Assignment:
Retype exactly the lines below, beginning with the first and ending with the line where "apply: hsn; first exact: mxtrace_delta01." appears.

(Collected data entries)
=== Begin Enclosure ===

Lemma line_classical_cartan (l : nat) : (3 : F) != 0 -> (4 < l)%N -> classical_cartan l H.
Proof.
move=> h3 hl4; split; last split; last split; last split.
- split; last split.
  + split; first by move=> x /vlineP [c ->]; rewrite /in_sl mxtraceZ ta mulr0.
    by move=> x y /vlineP [c ->] /vlineP [c' ->]; rewrite lie_line mem0v.
  + exists 1%N => [[|x [|//]]] //= y _ hx /vlineP [c' ->].
    by have /vlineP [c ->] := hx x (mem_head _ _); rewrite lie_line.
  + move=> x tx hn; have /vlineP [c hc] := hn a (memv_line a).
    by rewrite (lie_line_proportional h2 (c := c) tx ta ha) -?lieE // memvZ ?memv_line.
- by move=> x y /vlineP [c ->] /vlineP [c' ->]; rewrite lie_line.
- by split; [exact: line_root_decomposition | exact: line_root_vectors_indep].
- exact: line_cond_b.
- exact: line_cond_c.
Qed.

End CartanLine.

Section CartanComponents.
Variable F : fieldType.
Hypothesis h2 : (2 : F) != 0.
Local Notation M := 'M[F]_2.
Implicit Types (x y u : M) (H : {vspace M}).

Lemma self_normalizing_neq0 H : self_normalizing H -> H != 0%VS.
Proof.
move=> hsn; apply/eqP => H0.
have : delta_mx 0 1 \in H.
  apply: hsn; first exact: mxtrace_delta01.
  by move=> h; rewrite H0 memv0 => /eqP ->; rewrite lieE mulr0 mul0r subrr mem0v.
by rewrite H0 memv0 (negbTE (delta01_neq0 F)).
Qed.

Lemma sl2_noncentral x : \tr x = 0 -> x != 0 -> exists2 e : M, \tr e = 0 & lie e x != 0.
Proof.
move=> tx xn0.
have [h01|] := eqVneq (lie (delta_mx 0 1) x) 0; last by exists (delta_mx 0 1); rewrite ?mxtrace_delta01.
have [h10|] := eqVneq (lie (delta_mx 1 0) x) 0; last by exists (delta_mx 1 0); rewrite ?mxtrace_delta10.
move: h01 h10; rewrite !lieE => /eqP; rewrite subr_eq0 => /eqP h01 /eqP.
rewrite subr_eq0 => /eqP /esym /(commute_deltas_scalar (esym h01)) ex.
move: tx xn0; rewrite ex mxtraceZ mxtrace_1 => /eqP.
by rewrite mulf_eq0 (negbTE h2) orbF => /eqP ->; rewrite scale0r eqxx.
Qed.

Lemma classical_cartan_root_vector l H x : classical_cartan l H -> x \in H -> x != 0 ->
  exists y (mu : F), [/\ y != 0, mu != 0 & y * x - x * y = mu *: y].
Proof.
move=> [[[hsub _] _] [_ [[hdec _] _]]] xH xn0.
have [e te he] := sl2_noncentral (hsub x xH) xn0.
have [k [al [xs [hw hs]]]] := hdec e te.
have [i hi] : exists i, lie (xs i) x != 0.
  apply/existsP; apply: contraNT he => /existsPn hn.
  by rewrite hs lie_suml big1 // => i _; apply/eqP; move: (hn i); rewrite negbK.
have [_ hwi] := (hw i).2; exists (xs i), (al i x); split.
- by apply: contraNneq hi => ->; rewrite lie0l.
- by apply: contraNneq hi => m0; rewrite hwi // m0 scale0r.
- by rewrite -lieE hwi.
Qed.

(* A root vector for [x] forces [x ^+ 2] to be a nonzero square times [1]; rescaling
   gives an involution. *)
Lemma classical_cartan_line l H : classical_cartan l H ->
  exists u, [/\ \tr u = 0, u * u = 1 & forall h, h \in H <-> exists k, h = k *: u].
Proof.
move=> cH; have [[[hsub _] [_ hsn]] [hab _]] := cH.
pose x := vpick H; have xH : x \in H := memv_pick H.
have xn0 : x != 0 by rewrite vpick0 self_normalizing_neq0.
have tx : \tr x = 0 := hsub x xH.
have [y [mu [yn0 mun0 hyx]]] := classical_cartan_root_vector cH xH xn0.
have hxx := sl2_sqr h2 tx.
have [_ _ e] := ad_eigenvector_halves h2 hxx hyx mun0.
have hd : (mu / 2) ^+ 2 = \tr (x * x) / 2.
  apply/eqP; rewrite -subr_eq0; apply/eqP.
  have : ((mu / 2) ^+ 2 - \tr (x * x) / 2) *: y = 0 by rewrite scalerBl e subrr.
  by move/eqP; rewrite scaler_eq0 (negbTE yn0) orbF => /eqP.
have sn0 : mu / 2 != 0 by rewrite mulf_neq0 // invr_eq0.
set u := (mu / 2)^-1 *: x.
have tu : \tr u = 0 by rewrite mxtraceZ tx mulr0.
have uu : u * u = 1.
  by rewrite -scalerAl -scalerAr hxx !scalerA -hd -expr2 -exprMn mulVf // expr1n scale1r.
exists u; split => // h; split => [hh | [k ->]]; last by rewrite !memvZ.
exists (\tr (h * u) / 2); apply: (lie_line_proportional h2 (c := 0)) => //; first exact: hsub.
by rewrite scale0r -lieE hab // memvZ.
Qed.

End CartanComponents.

Section CODStructure.
Variable F : fieldType.
Hypothesis h2 : (2 : F) != 0.
Local Notation M := 'M[F]_2.
Implicit Types (a b c : M) (Hs : 'I_3 -> {vspace M}).

Lemma anticomm_triple a b c : a * a = 1 -> b * b = 1 -> c * c = 1 ->
  b * a = - (a * b) -> c * a = - (a * c) -> c * b = - (b * c) ->
  [/\ a * b * c * a = a * (a * b * c), a * b * c * b = b * (a * b * c),
      a * b * c * c = c * (a * b * c) & a * b * c * (a * b * c) = - 1].
Proof.
move=> ha hb hc hba hca hcb.
have ra y : a * (a * y) = y by rewrite mulrA ha mul1r.
have rb y : b * (b * y) = y by rewrite mulrA hb mul1r.
have rc y : c * (c * y) = y by rewrite mulrA hc mul1r.
have rba y : b * (a * y) = - (a * (b * y)) by rewrite mulrA hba mulNr mulrA.
have rca y : c * (a * y) = - (a * (c * y)) by rewrite mulrA hca mulNr mulrA.
have rcb y : c * (b * y) = - (b * (c * y)) by rewrite mulrA hcb mulNr mulrA.
by split; rewrite -!mulrA;
  rewrite ?(ra, rb, rc, rba, rca, rcb, ha, hb, hc, hba, hca, hcb, mulrN, mulNr, opprK).
Qed.

Lemma cod_units l Hs : COD l Hs ->
  exists u : 'I_3 -> M, [/\ forall i, \tr (u i) = 0, forall i, u i * u i = 1,
    forall i h, h \in Hs i <-> exists k, h = k *: u i &
    forall i j, i != j -> u j * u i = - (u i * u j)].
Proof.
move=> [hC [hK _]].
have [u hu] := fin_all_exists (fun i => classical_cartan_line h2 (hC i)).
exists u; split; try by move=> i; have [] := hu i.
move=> i j ne; have [ti _ Hi] := hu i; have [tj _ Hj] := hu j.
apply: killing_anticomm => //; apply: (hK _ _ ne); [apply/Hi | apply/Hj];
  by exists 1; rewrite scale1r.
Qed.

(* The product of the three units is central, hence a scalar [z] with [z ^+ 2 = -1]. *)
Lemma cod_anticomm_pair l Hs : COD l Hs ->
  exists a b (z : F), [/\ anticomm_pair a b, z * z = -1,
    forall h, h \in Hs 0 <-> exists k, h = k *: a,
    forall h, h \in Hs 1 <-> exists k, h = k *: b &
    forall h, h \in Hs 2 <-> exists k, h = k *: (a * b)].
Proof.
move=> cod; have [_ [_ [hS _]]] := cod.
have [u [tu uu memHs anti]] := cod_units cod.
have [wa wb wc ww] := anticomm_triple (uu 0) (uu 1) (uu 2)
  (anti 0 1 isT) (anti 0 2 isT) (anti 1 2 isT).
set w := u 0 * u 1 * u 2 in wa wb wc ww.
have wcomm m : \tr m = 0 -> w * m = m * w.
  move=> tm; have /memv_sumP [vs hvs ->] : m \in (\sum_(i < 3) Hs i)%VS by apply/hS.
  rewrite mulr_sumr mulr_suml; apply: eq_bigr => i _.
  have [k ->] := (memHs i (vs i)).1 (hvs i isT).
  by rewrite -scalerAr -scalerAl; case: (ord3P i) => ->; rewrite ?wa ?wb ?wc.
set z := w 0 0; have wz : w = z *: 1 := commute_sl2_scalar wcomm.
have zz : z * z = -1.
  have := congr1 (fun A : M => A 0 0) ww.
  by rewrite wz -scalerAl -scalerAr mul1r scalerA !mxE /= mulr1.
have sqr_eqN1_neq0 : - z != 0.
  by apply: contra_eq_neq zz => /eqP; rewrite oppr_eq0 => /eqP ->; rewrite mul0r eq_sym oppr_eq0 oner_neq0.
have ec : u 2 = (- z) *: (u 0 * u 1).
  have -> : u 2 = (u 1 * u 0) * w.
    by rewrite /w !mulrA -(mulrA _ (u 0) (u 0)) uu mulr1 uu mul1r.
  by rewrite wz -scalerAr mulr1 (anti 0 1 isT) scalerN scaleNr.
exists (u 0), (u 1), z; split => //; try exact: memHs.
  by split; rewrite ?tu ?uu ?(anti 0 1 isT).
move=> h; rewrite memHs ec; split=> [[k ->] | [k ->]].
  by exists (k * - z); rewrite scalerA.
by exists (k / - z); rewrite scalerA mulfVK.
Qed.

End CODStructure.

Section QuatMap.
Variables (F : fieldType) (a b a' b' : 'M[F]_2).
Hypotheses (h2 : (2 : F) != 0) (Pab : anticomm_pair a b) (Pab' : anticomm_pair a' b').
Local Notation M := 'M[F]_2.

Definition quat_map (m : M) : M :=
  quat a' b' (coord1 m) (coorda a m) (coordb b m) (coordab a b m).

Lemma quat_map_quat p q r s : quat_map (quat a b p q r s) = quat a' b' p q r s.
Proof.
by rewrite /quat_map (coord1_quat h2 Pab) (coorda_quat h2 Pab) (coordb_quat h2 Pab)
  (coordab_quat h2 Pab).
Qed.

(* [a, b] and [a', b'] obey the same multiplication table [quatM]. *)
Lemma quat_map_lie_aut : lie_aut quat_map.
Proof.
have [qs qs'] := (quat_surj h2 Pab, quat_surj h2 Pab').
split; [|split; [|split; [|split]]].
- move=> c x y _ _; have [p [q [r [s ->]]]] := qs x; have [p' [q' [r' [s' ->]]]] := qs y.
  by rewrite quatZ quatD !quat_map_quat quatZ quatD.
- move=> x; have [p [q [r [s ->]]]] := qs x.
  by rewrite quat_map_quat !(in_sl_quat h2 Pab, in_sl_quat h2 Pab').
- move=> x y _ _; have [p [q [r [s ->]]]] := qs x; have [p' [q' [r' [s' ->]]]] := qs y.
  by rewrite !quat_map_quat => /(quat_inj h2 Pab') [-> -> -> ->].
- move=> y; have [p [q [r [s ->]]]] := qs' y => hy.
  exists (quat a b p q r s); rewrite quat_map_quat; split => //.
  by apply/(in_sl_quat h2 Pab); move/(in_sl_quat h2 Pab'): hy.
- move=> x y _ _; have [p [q [r [s ->]]]] := qs x; have [p' [q' [r' [s' ->]]]] := qs y.
  by rewrite (lie_quat Pab) !quat_map_quat (lie_quat Pab').
Qed.

Lemma quat_map_line (u u' : M) (U V : {vspace M}) :
  (forall k, quat_map (k *: u) = k *: u') ->
  (forall h, h \in U <-> exists k, h = k *: u) -> (forall h, h \in V <-> exists k, h = k *: u') ->
  forall y, y \in V <-> exists x, x \in U /\ quat_map x = y.
Proof.
move=> hf hP hQ y; rewrite hQ; split => [[k ->] | [x [/hP [k ->] <-]]]; last by exists k.
by exists (k *: u); split; [apply/hP; exists k |].
Qed.

Lemma quat_mapZa k : quat_map (k *: a) = k *: a'.
Proof. by rewrite (quat_a a b) quatZ quat_map_quat -quatZ -quat_a. Qed.

Lemma quat_mapZb k : quat_map (k *: b) = k *: b'.
Proof. by rewrite (quat_b a b) quatZ quat_map_quat -quatZ -quat_b. Qed.

Lemma quat_mapZab k : quat_map (k *: (a * b)) = k *: (a' * b').
Proof. by rewrite (quat_ab a b) quatZ quat_map_quat -quatZ -quat_ab. Qed.

End QuatMap.

Lemma cod_conjugate (F : fieldType) (l : nat) (Hs Ks : 'I_3 -> {vspace 'M[F]_2}) :
  (2 : F) != 0 -> COD l Hs -> COD l Ks -> COD_conjugate Hs Ks.
Proof.
move=> h2 cH cK.
have [a [b [z [Pab _ H0 H1 H2]]]] := cod_anticomm_pair h2 cH.
have [a' [b' [z' [Pab' _ K0 K1 K2]]]] := cod_anticomm_pair h2 cK.
exists (quat_map a b a' b'); split; first exact: quat_map_lie_aut.
exists id => i y /=; case: (ord3P i) => ->.
- exact: (quat_map_line (quat_mapZa a' b' h2 Pab) H0 K0).
- exact: (quat_map_line (quat_mapZb a' b' h2 Pab) H1 K1).
- exact: (quat_map_line (quat_mapZab a' b' h2 Pab) H2 K2).
Qed.

Section CODOfPair.
Variables (F : fieldType) (a b : 'M[F]_2) (z : F).
Hypotheses (h2 : (2 : F) != 0) (Pab : anticomm_pair a b) (zz : z * z = -1).
Local Notation M := 'M[F]_2.

Lemma anticomm_pair_sym : anticomm_pair b a.
Proof. by case: Pab => ha hb hba ta tb; split => //; rewrite hba opprK. Qed.

Lemma anticomm_pair_third : anticomm_pair (z *: (a * b)) a.
Proof.
have [ha hb hba ta tb] := Pab; split => //.
- by rewrite -scalerAl -scalerAr scalerA zz (mulabab Pab) scaleN1r opprK.
- rewrite -scalerAl -scalerAr -scalerN; congr (_ *: _).
  by rewrite (mulaba Pab) opprK mulrA ha mul1r.
- by rewrite mxtraceZ (mxtrace_ab h2 Pab) mulr0.
Qed.

Definition pair_unit (i : 'I_3) : M := nth 0 [:: a; b; z *: (a * b)] i.

Lemma pair_unit_quat0 : pair_unit 0 = quat a b 0 1 0 0.
Proof. exact: quat_a. Qed.

Lemma pair_unit_quat1 : pair_unit 1 = quat a b 0 0 1 0.
Proof. exact: quat_b. Qed.

Lemma pair_unit_quat2 : pair_unit 2 = quat a b 0 0 0 z.
Proof. by rewrite /pair_unit /= (quat_ab a b) quatZ; apply: quat_congr; ring. Qed.

Lemma sqr_eqN1_neq0 : z != 0.
Proof. by apply: contra_eq_neq zz => ->; rewrite mul0r eq_sym oppr_eq0 oner_neq0. Qed.

Lemma mxtrace_pair_unit i : \tr (pair_unit i) = 0.
Proof.
by case: (ord3P i) => ->; rewrite ?pair_unit_quat0 ?pair_unit_quat1 ?pair_unit_quat2
  (mxtrace_quat h2 Pab) mul0r.
Qed.

Lemma mxtrace_pair_unit_mul i j : i != j -> \tr (pair_unit i * pair_unit j) = 0.
Proof.
case: (ord3P i) => ->; case: (ord3P j) => -> // _;
  by rewrite ?pair_unit_quat0 ?pair_unit_quat1 ?pair_unit_quat2 (quatM Pab)
    (mxtrace_quat h2 Pab); ring.
Qed.

Lemma pair_units_span x : in_sl x -> x \in (\sum_(i < 3) <[pair_unit i]>)%VS.
Proof.
move=> hx; have [p [q [r [s ex]]]] := quat_surj h2 Pab x.
have p0 : p = 0 by move: hx; rewrite ex => /(in_sl_quat h2 Pab).
apply/memv_sumP; exists (fun i : 'I_3 => nth 0 [:: q *: pair_unit 0; r *: pair_unit 1;
  (s / z) *: pair_unit 2] i).
  by move=> i _; case: (ord3P i) => ->; rewrite memvZ // memv_line.
by rewrite sum_ord3 /= ex p0 scalerA mulfVK ?sqr_eqN1_neq0 // /quat scale0r add0r.
Qed.

Lemma pair_units_independent (vs : 'I_3 -> M) :
  (forall i, vs i \in <[pair_unit i]>%VS) -> \sum_(i < 3) vs i = 0 -> forall i, vs i = 0.
Proof.
move=> hvs hs i.
have [k0 e0] := vlineP _ _ (hvs 0).
have [k1 e1] := vlineP _ _ (hvs 1).
have [k2 e2] := vlineP _ _ (hvs 2).
have : quat a b 0 k0 k1 (k2 * z) = quat a b 0 0 0 0.
  by rewrite quat0 -hs sum_ord3 e0 e1 e2 /= scalerA /quat scale0r add0r.
case/(quat_inj h2 Pab) => _ k00 k10 /eqP; rewrite mulf_eq0 (negbTE sqr_eqN1_neq0) orbF => /eqP k20.
by case: (ord3P i) => ->; rewrite ?e0 ?e1 ?e2 ?k00 ?k10 ?k20 scale0r.
Qed.

Lemma cod_of_anticomm_pair l : (3 : F) != 0 -> (4 < l)%N ->
  COD l (fun i => <[pair_unit i]>%VS).
Proof.
move=> h3 hl; split; [|split; [|split]].
- move=> i; case: (ord3P i) => ->.
  + exact: (line_classical_cartan h2 Pab h3 hl).
  + exact: (line_classical_cartan h2 anticomm_pair_sym h3 hl).
  + exact: (line_classical_cartan h2 anticomm_pair_third h3 hl).
- move=> i j ne x y /vlineP [k ->] /vlineP [k' ->].
  by rewrite /killing mulmxE -scalerAl -scalerAr !mxtraceZ mxtrace_pair_unit_mul // !mulr0.
- move=> x; split; first exact: pair_units_span.
  move/memv_sumP => [vs hvs ->]; rewrite /in_sl linear_sum big1 // => i _.
  by have /vlineP [k ->] := hvs i isT; rewrite linearZ /= mxtrace_pair_unit mulr0.
- apply/directv_sum_independent => vs hvs hs i _.
  by apply: pair_units_independent hs i => j; apply: hvs.
Qed.

End CODOfPair.

Section Pauli.
Variable F : fieldType.

Definition pauli_z : 'M[F]_2 := \matrix_(i, j) (if i == j then (if i == 0 then 1 else -1) else 0).
Definition pauli_x : 'M[F]_2 := \matrix_(i, j) (if i == j then 0 else 1).

Lemma pauli_anticomm_pair : anticomm_pair pauli_z pauli_x.
Proof.
by split; try apply: matrix2P; rewrite ?mxtrace2 !mxE ?sum_ord2 /= ?mxE /=; ring.
Qed.

End Pauli.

=== End Enclosure ===

Answer to this task:
Lemma line_classical_cartan (l : nat) : (3 : F) != 0 -> (4 < l)%N -> classical_cartan l H.
Proof.
move=> h3 hl4; split; last split; last split; last split.
- split; last split.
  + split; first by move=> x /vlineP [c ->]; rewrite /in_sl mxtraceZ ta mulr0.
    by move=> x y /vlineP [c ->] /vlineP [c' ->]; rewrite lie_line mem0v.
  + exists 1%N => [[|x [|//]]] //= y _ hx /vlineP [c' ->].
    by have /vlineP [c ->] := hx x (mem_head _ _); rewrite lie_line.
  + move=> x tx hn; have /vlineP [c hc] := hn a (memv_line a).
    by rewrite (lie_line_proportional h2 (c := c) tx ta ha) -?lieE // memvZ ?memv_line.
- by move=> x y /vlineP [c ->] /vlineP [c' ->]; rewrite lie_line.
- by split; [exact: line_root_decomposition | exact: line_root_vectors_indep].
- exact: line_cond_b.
- exact: line_cond_c.
Qed.

End CartanLine.

Section CartanComponents.
Variable F : fieldType.
Hypothesis h2 : (2 : F) != 0.
Local Notation M := 'M[F]_2.
Implicit Types (x y u : M) (H : {vspace M}).

Lemma self_normalizing_neq0 H : self_normalizing H -> H != 0%VS.
Proof.
move=> hsn; apply/eqP => H0.
have : delta_mx 0 1 \in H.
  apply: hsn; first exact: mxtrace_delta01.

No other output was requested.